Task objective
Below are entries; copy exactly the lines from the one with "Lemma stirling_orthogonality_shift n" through the one with "apply: eq_bigr => j _;", both included, and leave out the rest.

* * * * * * * * *

(* For integers $n\ge 0$ and $p$ with $p\le n+1$, $$\sum_{j,k}\binom{n}{k}\genfrac{\{}{\}}{0pt}{}{k}{j}\genfrac{[}{]}{0pt}{}{j+1}{p}(-1)^j=\begin{cases}0,&(n+1>p)\\(-1)^n,&(n+1=p).\end{cases}$$
   Context: Here $\genfrac{[}{]}{0pt}{}{n}{k}$ denotes the unsigned (absolute) Stirling number of the first kind and $\genfrac{\{}{\}}{0pt}{}{n}{k}$ the ordinary Stirling number of the second kind (Knuth's notation), with $\genfrac{[}{]}{0pt}{}{0}{0}=\genfrac{\{}{\}}{0pt}{}{0}{0}=1$, $\genfrac{[}{]}{0pt}{}{n}{0}=\genfrac{\{}{\}}{0pt}{}{n}{0}=0$ for $n>0$, and $\genfrac{[}{]}{0pt}{}{n}{k}=\genfrac{\{}{\}}{0pt}{}{n}{k}=0$ for $0\le n<k$. The double sum is over all integers $j,k$ with $0\le j\le k\le n$. *)

From mathcomp Require Import all_boot all_order all_algebra.
Set Implicit Arguments. Unset Strict Implicit. Unset Printing Implicit Defensive.
Import GRing.Theory Num.Theory.

Fixpoint stirling1 (n k : nat) : nat :=
  match n, k with
  | 0, 0 => 1
  | 0, _.+1 => 0
  | _.+1, 0 => 0
  | n'.+1, k'.+1 => n' * stirling1 n' k + stirling1 n' k'
  end.

Fixpoint stirling2 (n k : nat) : nat :=
  match n, k with
  | 0, 0 => 1
  | 0, _.+1 => 0
  | _.+1, 0 => 0
  | n'.+1, k'.+1 => k * stirling2 n' k + stirling2 n' k'
  end.

Definition stirling1z (n : nat) (k : int) : nat :=
  match k with
  | Posz k' => stirling1 n k'
  | Negz _ => 0
  end.

Example s1_check : [:: stirling1 4 1; stirling1 4 2; stirling1 4 3; stirling1 4 4] = [:: 6; 11; 6; 1].
Proof. by []. Qed.
Example s2_check : [:: stirling2 4 1; stirling2 4 2; stirling2 4 3; stirling2 4 4] = [:: 1; 7; 6; 1].
Proof. by []. Qed.

From mathcomp Require Import all_boot all_order all_algebra zify.
Import GRing.Theory Num.Theory.

(* Exchanging the two sums and using {n+1, j+1} = sum_k C(n,k) {k, j} turns
   the left side into sum_j (-1)^j {n+1, j+1} [j+1, p], i.e. minus the
   alternating sum sum_m (-1)^m {n+1, m} [m, p] (its m = 0 term vanishes).
   By the orthogonality of the two kinds of Stirling numbers the latter is
   (-1)^p when p = n + 1 and 0 otherwise. *)

Lemma stirling2_small k j : (k < j)%N -> stirling2 k j = 0%N.
Proof. by elim: k j => [|k IHk] [|j] //= ltkj; rewrite !IHk ?muln0 // ltnW. Qed.

Lemma stirling2S n j :
  stirling2 n.+1 j = (j * stirling2 n j + (if j is j'.+1 then stirling2 n j' else 0))%N.
Proof. by case: j => [|j] //=; rewrite muln0. Qed.

Lemma stirling1S n p :
  stirling1 n.+1 p = (n * stirling1 n p + (if p is p'.+1 then stirling1 n p' else 0))%N.
Proof. by case: p => [|p] //=; case: n => [|n] //=; rewrite ?addn0 ?muln0. Qed.

Arguments stirling2 : simpl never.
Arguments stirling1 : simpl never.

Lemma sum_binS n (f : nat -> nat) :
  (\sum_(k < n.+2) 'C(n.+1, k) * f k = \sum_(k < n.+1) 'C(n, k) * (f k + f k.+1))%N.
Proof.
rewrite big_ord_recl bin0 mul1n.
under eq_bigr => k _ do rewrite lift0 binS mulnDl.
under [RHS]eq_bigr => k _ do rewrite mulnDr.
rewrite !big_split /= addnA; congr (_ + _)%N.
by rewrite [RHS]big_ord_recl big_ord_recr /= bin_small // mul0n addn0 bin0 mul1n.
Qed.

Lemma sum_bin_stirling2 n j :
  (\sum_(k < n.+1) 'C(n, k) * stirling2 k j)%N = stirling2 n.+1 j.+1.
Proof.
elim: n j => [|n IHn] j.
  by rewrite big_ord1 bin0 mul1n stirling2S (@stirling2_small 0 j.+1) ?muln0.
rewrite (sum_binS n (stirling2^~ j)).
under eq_bigr => k _ do rewrite stirling2S mulnDr mulnDr mulnCA.
rewrite !big_split -big_distrr /= !IHn [in RHS]stirling2S.
case: j => [|j]; last by rewrite IHn; lia.
by rewrite big1 => [|k _]; rewrite ?muln0 // (stirling2S n 0); lia.
Qed.

Local Open Scope ring_scope.

Lemma stirling1S_sub i p :
  (i * stirling1 i p)%:Z - (stirling1 i.+1 p)%:Z
  = - (if p is p'.+1 then stirling1 i p' else 0)%:Z.
Proof. by rewrite stirling1S PoszD opprD addrA subrr add0r. Qed.

(* After expanding {N+1, m} by its recurrence, m {N, m} [m, p] cancels
   against part of the recurrence for [m+1, p]; the rest lowers N and p. *)
Lemma sum_stirling2S_stirling1 N p M : (N < M)%N ->
  \sum_(m < M.+1) (-1) ^+ m * (stirling2 N.+1 m * stirling1 m p)%:Z
  = - \sum_(i < M) (-1) ^+ i *
        (stirling2 N i * (if p is p'.+1 then stirling1 i p' else 0))%:Z.
Proof.
move=> ltNM.
under eq_bigr => m _ do rewrite stirling2S mulnDl PoszD mulrDr.
rewrite big_split /= big_ord_recr big_ord_recl /= stirling2_small //.
rewrite muln0 mul0n mulr0 addr0 add0r.
rewrite -sumrN -big_split /=; apply: eq_bigr => i _.
rewrite /bump /= add0n add1n exprS mulN1r mulNr -mulrBr -mulrN; congr (_ * _).
by rewrite -mulnA mulnCA !PoszM -mulrBr stirling1S_sub mulrN.
Qed.

Lemma stirling_orthogonality N p M : (N < M)%N ->
  \sum_(m < M) (-1) ^+ m * (stirling2 N m * stirling1 m p)%:Z
  = (if N == p then (-1) ^+ p else 0).
Proof.
elim: N p M => [|N IHN] p [|M] // ltNM.
  rewrite big_ord_recl big1 => [|i _]; last first.
    by rewrite lift0 stirling2_small ?mul0n ?mulr0.
  by rewrite addr0; case: p.
rewrite sum_stirling2S_stirling1 //; case: p => [|p].
  by rewrite big1 ?oppr0 // => i _; rewrite muln0 mulr0.
by rewrite IHN // eqSS; case: eqP; rewrite ?oppr0 // exprS mulN1r.
Qed.

Lemma stirling_orthogonality_shift n p :
  \sum_(j < n.+1) (-1) ^+ j * (stirling2 n.+1 j.+1 * stirling1 j.+1 p)%:Z
  = (if n.+1 == p then (-1) ^+ n else 0).
Proof.
have := @stirling_orthogonality n.+1 p n.+2 (ltnSn n.+1).
rewrite big_ord_recl /= mul0n mulr0 add0r.
under eq_bigr => j _ do rewrite /bump /= add1n exprS mulN1r mulNr.
rewrite sumrN => /eqP; rewrite eqr_oppLR => /eqP ->.
by case: eqP => [<-|_]; rewrite ?oppr0 // exprS mulN1r opprK.
Qed.

Theorem mainTheorem4 (n : nat) (p : int) (hp : p <= (n.+1)%:Z) :
  \sum_(0 <= k < n.+1) \sum_(0 <= j < k.+1)
     (('C(n, k) * stirling2 k j * stirling1z j.+1 p)%N%:Z * (-1) ^+ j)
  = (if p == (n.+1)%:Z then (-1) ^+ n else 0 : int).
Proof.
have widen_inner k : (k < n.+1)%N ->
    \sum_(0 <= j < k.+1) ('C(n, k) * stirling2 k j * stirling1z j.+1 p)%N%:Z * (-1) ^+ j
  = \sum_(0 <= j < n.+1) ('C(n, k) * stirling2 k j * stirling1z j.+1 p)%N%:Z * (-1) ^+ j.
  move=> ltkn; rewrite (big_nat_widen _ _ n.+1) // big_mkcond /=.
  apply: eq_bigr => j _; case: ifP => // /negbT; rewrite -ltnNge => ltkj.
  by rewrite stirling2_small ?muln0 ?mul0n ?mul0r.
under eq_big_nat => k /andP[_ ltkn] do rewrite widen_inner //.
rewrite exchange_big /= big_mkord.
transitivity (\sum_(j < n.+1) (-1) ^+ j * (stirling2 n.+1 j.+1 * stirling1z j.+1 p)%:Z).
  apply: eq_bigr => j _.
  rewrite big_mkord -mulr_suml mulrC -sum_bin_stirling2 big_distrl /=.
  by rewrite (big_morph Posz PoszD (erefl 0%:Z)).
case: p {hp widen_inner} => [p|p] /=; last first.
  by rewrite big1 // => j _; rewrite muln0 mulr0.
by rewrite stirling_orthogonality_shift eqz_nat eq_sym.
Qed.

* * * * * * * * *

Solved problem
Lemma stirling_orthogonality_shift n p :
  \sum_(j < n.+1) (-1) ^+ j * (stirling2 n.+1 j.+1 * stirling1 j.+1 p)%:Z
  = (if n.+1 == p then (-1) ^+ n else 0).
Proof.
have := @stirling_orthogonality n.+1 p n.+2 (ltnSn n.+1).
rewrite big_ord_recl /= mul0n mulr0 add0r.
under eq_bigr => j _ do rewrite /bump /= add1n exprS mulN1r mulNr.
rewrite sumrN => /eqP; rewrite eqr_oppLR => /eqP ->.
by case: eqP => [<-|_]; rewrite ?oppr0 // exprS mulN1r opprK.
Qed.

Theorem mainTheorem4 (n : nat) (p : int) (hp : p <= (n.+1)%:Z) :
  \sum_(0 <= k < n.+1) \sum_(0 <= j < k.+1)
     (('C(n, k) * stirling2 k j * stirling1z j.+1 p)%N%:Z * (-1) ^+ j)
  = (if p == (n.+1)%:Z then (-1) ^+ n else 0 : int).
Proof.
have widen_inner k : (k < n.+1)%N ->
    \sum_(0 <= j < k.+1) ('C(n, k) * stirling2 k j * stirling1z j.+1 p)%N%:Z * (-1) ^+ j
  = \sum_(0 <= j < n.+1) ('C(n, k) * stirling2 k j * stirling1z j.+1 p)%N%:Z * (-1) ^+ j.
  move=> ltkn; rewrite (big_nat_widen _ _ n.+1) // big_mkcond /=.
  apply: eq_bigr => j _; case: ifP => // /negbT; rewrite -ltnNge => ltkj.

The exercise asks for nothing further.